- **Problem to solve**
Whenever a line in the entries below contains the string "beta", copy that line.

##### Data section

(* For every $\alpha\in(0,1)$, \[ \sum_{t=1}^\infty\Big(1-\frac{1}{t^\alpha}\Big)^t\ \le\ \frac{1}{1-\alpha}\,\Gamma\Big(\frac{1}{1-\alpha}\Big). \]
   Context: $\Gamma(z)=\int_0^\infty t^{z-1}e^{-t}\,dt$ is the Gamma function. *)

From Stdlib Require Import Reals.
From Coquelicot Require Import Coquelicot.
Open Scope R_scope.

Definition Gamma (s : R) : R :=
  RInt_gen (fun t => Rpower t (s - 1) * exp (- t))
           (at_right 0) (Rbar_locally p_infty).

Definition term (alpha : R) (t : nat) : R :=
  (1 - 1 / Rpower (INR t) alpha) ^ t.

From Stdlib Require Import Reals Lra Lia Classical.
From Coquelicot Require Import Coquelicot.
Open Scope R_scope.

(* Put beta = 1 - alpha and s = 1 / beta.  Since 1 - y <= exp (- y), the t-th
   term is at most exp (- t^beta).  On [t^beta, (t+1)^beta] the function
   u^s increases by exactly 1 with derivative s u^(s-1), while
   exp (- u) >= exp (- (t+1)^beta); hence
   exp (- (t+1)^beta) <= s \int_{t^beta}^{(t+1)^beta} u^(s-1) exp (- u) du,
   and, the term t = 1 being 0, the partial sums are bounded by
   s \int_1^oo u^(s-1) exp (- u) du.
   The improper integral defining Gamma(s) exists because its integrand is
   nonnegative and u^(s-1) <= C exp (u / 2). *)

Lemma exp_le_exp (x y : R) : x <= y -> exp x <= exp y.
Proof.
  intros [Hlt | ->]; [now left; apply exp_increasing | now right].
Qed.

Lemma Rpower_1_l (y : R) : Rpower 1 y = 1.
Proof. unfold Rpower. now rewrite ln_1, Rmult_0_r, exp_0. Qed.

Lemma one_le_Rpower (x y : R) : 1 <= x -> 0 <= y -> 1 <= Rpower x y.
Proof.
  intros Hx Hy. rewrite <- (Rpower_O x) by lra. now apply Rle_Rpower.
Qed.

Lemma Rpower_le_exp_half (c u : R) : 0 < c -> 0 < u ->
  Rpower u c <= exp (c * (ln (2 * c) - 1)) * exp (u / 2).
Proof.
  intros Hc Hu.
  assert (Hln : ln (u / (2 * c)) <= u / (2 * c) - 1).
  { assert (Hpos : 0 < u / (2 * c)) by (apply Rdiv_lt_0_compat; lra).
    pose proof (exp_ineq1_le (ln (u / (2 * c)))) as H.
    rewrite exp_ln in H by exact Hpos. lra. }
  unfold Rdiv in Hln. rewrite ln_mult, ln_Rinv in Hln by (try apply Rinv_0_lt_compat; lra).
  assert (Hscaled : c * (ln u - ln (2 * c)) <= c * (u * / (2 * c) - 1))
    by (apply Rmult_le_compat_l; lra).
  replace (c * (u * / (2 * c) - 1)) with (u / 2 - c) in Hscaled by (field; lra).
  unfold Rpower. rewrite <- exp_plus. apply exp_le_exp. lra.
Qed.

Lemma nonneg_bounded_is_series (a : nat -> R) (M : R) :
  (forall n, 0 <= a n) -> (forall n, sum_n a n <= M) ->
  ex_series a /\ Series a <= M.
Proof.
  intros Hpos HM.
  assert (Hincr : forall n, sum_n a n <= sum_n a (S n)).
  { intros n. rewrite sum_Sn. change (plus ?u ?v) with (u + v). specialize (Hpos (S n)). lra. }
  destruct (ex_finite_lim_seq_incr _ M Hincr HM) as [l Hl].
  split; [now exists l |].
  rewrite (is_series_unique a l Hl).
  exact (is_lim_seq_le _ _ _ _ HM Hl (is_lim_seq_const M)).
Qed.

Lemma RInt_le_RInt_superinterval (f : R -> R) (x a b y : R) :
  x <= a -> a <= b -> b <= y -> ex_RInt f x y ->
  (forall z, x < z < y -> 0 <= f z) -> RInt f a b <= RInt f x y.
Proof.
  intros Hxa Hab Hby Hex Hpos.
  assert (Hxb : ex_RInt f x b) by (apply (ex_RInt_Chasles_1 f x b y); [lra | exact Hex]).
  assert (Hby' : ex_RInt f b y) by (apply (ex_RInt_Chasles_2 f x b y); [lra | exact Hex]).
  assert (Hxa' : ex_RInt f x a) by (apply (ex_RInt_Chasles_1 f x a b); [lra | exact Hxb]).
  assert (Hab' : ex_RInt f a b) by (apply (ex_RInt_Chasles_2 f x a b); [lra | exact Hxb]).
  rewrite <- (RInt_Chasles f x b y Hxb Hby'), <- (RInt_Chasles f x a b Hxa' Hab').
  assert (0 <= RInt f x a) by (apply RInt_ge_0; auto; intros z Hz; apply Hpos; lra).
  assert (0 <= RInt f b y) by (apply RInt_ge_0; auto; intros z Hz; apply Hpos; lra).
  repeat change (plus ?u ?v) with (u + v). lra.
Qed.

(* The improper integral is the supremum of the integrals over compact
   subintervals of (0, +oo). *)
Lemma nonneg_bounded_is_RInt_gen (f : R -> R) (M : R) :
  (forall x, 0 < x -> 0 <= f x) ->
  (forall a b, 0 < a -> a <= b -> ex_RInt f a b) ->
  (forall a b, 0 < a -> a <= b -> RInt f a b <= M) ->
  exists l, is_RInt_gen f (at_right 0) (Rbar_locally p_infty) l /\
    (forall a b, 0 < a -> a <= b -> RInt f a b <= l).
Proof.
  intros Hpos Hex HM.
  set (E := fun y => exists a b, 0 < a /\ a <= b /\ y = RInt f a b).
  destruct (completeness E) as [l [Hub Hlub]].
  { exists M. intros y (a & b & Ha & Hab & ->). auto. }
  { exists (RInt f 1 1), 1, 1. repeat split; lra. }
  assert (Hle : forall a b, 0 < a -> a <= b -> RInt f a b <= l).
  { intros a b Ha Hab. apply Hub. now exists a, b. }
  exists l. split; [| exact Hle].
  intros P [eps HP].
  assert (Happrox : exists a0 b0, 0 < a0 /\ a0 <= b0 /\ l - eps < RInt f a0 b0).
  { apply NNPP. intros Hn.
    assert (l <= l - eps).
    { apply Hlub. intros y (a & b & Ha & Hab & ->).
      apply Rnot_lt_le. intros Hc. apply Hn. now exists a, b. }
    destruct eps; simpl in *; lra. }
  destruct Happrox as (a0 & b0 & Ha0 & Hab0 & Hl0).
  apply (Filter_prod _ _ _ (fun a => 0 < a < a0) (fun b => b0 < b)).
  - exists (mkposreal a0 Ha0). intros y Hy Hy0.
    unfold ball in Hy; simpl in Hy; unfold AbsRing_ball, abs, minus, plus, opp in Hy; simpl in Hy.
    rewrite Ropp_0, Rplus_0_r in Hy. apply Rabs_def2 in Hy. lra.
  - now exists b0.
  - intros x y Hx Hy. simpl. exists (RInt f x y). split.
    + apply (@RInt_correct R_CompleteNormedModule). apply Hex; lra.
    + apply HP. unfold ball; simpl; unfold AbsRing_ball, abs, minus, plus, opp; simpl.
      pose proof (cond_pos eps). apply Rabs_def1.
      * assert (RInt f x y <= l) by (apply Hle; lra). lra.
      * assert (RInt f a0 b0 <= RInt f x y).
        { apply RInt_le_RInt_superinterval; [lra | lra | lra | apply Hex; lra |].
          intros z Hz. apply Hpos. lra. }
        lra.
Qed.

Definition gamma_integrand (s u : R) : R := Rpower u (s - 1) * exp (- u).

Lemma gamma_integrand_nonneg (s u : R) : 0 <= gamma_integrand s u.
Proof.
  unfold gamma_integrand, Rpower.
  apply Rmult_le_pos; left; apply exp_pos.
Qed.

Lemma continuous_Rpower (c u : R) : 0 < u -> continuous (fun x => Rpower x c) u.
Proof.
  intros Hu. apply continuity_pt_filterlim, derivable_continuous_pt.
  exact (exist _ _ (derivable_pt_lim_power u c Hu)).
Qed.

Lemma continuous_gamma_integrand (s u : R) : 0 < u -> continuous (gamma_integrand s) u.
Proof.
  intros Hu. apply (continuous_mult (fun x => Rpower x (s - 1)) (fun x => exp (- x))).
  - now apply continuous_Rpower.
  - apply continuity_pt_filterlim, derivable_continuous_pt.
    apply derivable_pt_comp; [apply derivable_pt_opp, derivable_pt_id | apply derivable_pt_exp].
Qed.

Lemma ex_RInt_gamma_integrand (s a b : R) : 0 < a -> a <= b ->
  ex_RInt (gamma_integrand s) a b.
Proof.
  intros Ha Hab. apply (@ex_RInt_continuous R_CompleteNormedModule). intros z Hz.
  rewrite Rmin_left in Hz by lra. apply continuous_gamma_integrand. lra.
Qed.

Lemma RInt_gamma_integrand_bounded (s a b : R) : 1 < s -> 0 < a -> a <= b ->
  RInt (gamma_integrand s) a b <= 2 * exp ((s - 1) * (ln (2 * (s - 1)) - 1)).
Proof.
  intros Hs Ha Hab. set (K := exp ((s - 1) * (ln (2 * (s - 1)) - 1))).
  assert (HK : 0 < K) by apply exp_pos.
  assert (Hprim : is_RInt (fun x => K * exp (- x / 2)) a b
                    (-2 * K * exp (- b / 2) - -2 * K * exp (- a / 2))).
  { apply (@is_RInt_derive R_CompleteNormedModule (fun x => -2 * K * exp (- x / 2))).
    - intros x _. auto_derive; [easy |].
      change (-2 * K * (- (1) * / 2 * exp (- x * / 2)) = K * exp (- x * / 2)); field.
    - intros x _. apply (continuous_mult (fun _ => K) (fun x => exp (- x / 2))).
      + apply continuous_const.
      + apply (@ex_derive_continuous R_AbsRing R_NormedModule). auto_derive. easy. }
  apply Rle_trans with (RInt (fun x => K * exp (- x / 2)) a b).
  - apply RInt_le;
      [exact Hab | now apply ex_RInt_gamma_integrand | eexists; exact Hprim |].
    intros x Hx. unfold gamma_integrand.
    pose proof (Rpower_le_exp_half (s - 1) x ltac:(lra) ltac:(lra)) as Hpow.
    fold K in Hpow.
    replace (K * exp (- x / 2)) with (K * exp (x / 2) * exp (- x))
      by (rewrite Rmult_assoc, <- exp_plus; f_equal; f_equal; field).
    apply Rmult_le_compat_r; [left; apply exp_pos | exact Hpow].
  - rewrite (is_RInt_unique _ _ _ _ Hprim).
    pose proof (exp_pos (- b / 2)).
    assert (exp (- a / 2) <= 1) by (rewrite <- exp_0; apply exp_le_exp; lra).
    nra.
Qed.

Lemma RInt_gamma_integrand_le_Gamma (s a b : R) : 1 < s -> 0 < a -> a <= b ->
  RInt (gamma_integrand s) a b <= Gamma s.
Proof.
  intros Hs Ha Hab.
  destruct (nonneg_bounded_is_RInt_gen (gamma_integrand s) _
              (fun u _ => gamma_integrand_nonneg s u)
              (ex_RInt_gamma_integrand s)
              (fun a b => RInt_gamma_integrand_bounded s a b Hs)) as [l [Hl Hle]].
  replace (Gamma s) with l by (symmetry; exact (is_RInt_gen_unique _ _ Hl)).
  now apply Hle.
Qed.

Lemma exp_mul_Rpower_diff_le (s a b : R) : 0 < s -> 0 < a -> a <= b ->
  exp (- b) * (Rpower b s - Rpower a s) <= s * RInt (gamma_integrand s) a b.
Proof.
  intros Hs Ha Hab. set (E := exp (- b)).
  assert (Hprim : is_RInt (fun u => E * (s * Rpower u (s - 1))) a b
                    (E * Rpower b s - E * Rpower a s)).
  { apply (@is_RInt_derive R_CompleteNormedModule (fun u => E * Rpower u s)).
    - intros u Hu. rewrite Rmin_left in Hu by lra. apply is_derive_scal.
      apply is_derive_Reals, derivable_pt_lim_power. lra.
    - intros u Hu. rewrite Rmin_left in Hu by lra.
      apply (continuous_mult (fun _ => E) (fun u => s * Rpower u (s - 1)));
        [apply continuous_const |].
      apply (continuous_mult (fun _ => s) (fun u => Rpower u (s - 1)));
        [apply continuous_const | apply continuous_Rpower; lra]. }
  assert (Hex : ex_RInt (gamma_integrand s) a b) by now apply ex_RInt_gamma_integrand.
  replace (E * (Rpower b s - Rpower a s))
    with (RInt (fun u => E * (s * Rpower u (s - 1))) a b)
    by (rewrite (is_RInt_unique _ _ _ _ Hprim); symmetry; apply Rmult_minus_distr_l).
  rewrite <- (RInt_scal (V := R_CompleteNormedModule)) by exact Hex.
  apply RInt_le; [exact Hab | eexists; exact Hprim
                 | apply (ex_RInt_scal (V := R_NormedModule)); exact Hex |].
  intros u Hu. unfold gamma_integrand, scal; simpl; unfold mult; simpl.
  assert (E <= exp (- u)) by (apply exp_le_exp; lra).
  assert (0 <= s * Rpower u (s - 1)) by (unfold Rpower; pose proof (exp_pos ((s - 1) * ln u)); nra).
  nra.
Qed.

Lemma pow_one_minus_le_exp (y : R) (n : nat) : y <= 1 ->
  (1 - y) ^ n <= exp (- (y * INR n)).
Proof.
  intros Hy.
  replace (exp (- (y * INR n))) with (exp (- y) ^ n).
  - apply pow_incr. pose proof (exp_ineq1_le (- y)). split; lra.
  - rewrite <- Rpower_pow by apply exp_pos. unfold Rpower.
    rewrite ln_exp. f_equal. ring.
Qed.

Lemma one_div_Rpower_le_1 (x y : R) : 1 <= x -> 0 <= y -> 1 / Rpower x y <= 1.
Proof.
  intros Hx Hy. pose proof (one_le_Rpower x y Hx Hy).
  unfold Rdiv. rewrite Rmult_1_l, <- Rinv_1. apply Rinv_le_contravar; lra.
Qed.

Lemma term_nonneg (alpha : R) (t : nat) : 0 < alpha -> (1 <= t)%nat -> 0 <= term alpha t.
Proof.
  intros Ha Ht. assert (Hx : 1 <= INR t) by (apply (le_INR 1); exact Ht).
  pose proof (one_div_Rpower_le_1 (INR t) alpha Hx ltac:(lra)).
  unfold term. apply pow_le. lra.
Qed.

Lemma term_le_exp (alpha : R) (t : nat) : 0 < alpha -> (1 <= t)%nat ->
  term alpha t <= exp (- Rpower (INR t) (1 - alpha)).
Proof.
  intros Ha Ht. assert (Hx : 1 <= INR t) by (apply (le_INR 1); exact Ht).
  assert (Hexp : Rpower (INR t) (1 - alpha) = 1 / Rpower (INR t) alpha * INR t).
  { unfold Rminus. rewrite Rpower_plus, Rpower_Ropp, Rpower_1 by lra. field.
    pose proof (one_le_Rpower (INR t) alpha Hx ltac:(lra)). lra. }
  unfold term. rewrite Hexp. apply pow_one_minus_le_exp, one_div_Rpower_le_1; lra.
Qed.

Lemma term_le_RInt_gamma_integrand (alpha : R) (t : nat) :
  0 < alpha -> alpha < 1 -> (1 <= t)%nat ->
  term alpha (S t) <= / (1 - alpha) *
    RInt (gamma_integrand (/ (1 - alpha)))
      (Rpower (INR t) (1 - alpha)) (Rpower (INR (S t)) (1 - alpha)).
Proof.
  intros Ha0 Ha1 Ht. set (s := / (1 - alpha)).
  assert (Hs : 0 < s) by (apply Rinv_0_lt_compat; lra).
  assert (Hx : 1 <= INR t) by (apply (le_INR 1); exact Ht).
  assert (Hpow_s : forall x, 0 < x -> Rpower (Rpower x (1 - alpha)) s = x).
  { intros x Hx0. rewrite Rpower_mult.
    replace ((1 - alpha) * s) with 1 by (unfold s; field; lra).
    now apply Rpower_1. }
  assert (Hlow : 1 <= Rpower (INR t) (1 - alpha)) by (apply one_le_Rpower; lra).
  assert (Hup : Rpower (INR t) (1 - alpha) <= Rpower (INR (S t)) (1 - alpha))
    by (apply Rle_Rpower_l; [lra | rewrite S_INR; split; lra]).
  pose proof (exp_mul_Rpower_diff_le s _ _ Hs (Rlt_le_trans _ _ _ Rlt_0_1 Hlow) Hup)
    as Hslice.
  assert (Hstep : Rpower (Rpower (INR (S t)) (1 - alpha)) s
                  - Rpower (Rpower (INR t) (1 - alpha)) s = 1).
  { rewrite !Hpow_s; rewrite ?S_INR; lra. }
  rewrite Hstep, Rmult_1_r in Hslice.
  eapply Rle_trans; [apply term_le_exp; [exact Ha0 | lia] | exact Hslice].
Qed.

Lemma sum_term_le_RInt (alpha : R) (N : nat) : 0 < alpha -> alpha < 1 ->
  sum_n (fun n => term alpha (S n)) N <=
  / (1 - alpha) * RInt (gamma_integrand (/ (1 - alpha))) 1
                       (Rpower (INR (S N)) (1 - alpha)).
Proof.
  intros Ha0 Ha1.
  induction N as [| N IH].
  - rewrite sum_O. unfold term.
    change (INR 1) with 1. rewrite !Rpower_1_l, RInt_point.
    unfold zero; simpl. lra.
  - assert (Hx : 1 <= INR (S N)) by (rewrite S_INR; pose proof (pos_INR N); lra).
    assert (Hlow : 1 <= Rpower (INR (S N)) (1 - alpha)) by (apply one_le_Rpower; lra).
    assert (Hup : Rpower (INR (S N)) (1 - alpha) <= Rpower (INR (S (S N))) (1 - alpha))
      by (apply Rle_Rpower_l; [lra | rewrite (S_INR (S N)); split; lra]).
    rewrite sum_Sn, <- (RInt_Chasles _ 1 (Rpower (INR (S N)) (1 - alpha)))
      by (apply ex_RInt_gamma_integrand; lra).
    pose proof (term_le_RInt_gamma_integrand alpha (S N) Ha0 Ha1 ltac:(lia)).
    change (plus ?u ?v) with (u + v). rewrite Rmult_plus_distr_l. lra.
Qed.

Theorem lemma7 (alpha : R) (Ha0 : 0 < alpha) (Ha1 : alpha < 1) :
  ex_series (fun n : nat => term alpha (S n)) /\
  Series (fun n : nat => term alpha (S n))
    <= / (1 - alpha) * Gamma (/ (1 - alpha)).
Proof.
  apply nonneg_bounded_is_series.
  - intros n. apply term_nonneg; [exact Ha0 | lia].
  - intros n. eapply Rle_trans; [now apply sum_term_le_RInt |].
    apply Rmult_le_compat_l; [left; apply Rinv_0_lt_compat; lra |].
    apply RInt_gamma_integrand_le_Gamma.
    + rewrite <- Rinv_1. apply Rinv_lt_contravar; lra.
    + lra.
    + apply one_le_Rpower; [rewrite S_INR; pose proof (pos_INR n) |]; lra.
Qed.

##########

- **Final answer**
(* Put beta = 1 - alpha and s = 1 / beta.  Since 1 - y <= exp (- y), the t-th
   term is at most exp (- t^beta).  On [t^beta, (t+1)^beta] the function
   exp (- u) >= exp (- (t+1)^beta); hence
   exp (- (t+1)^beta) <= s \int_{t^beta}^{(t+1)^beta} u^(s-1) exp (- u) du,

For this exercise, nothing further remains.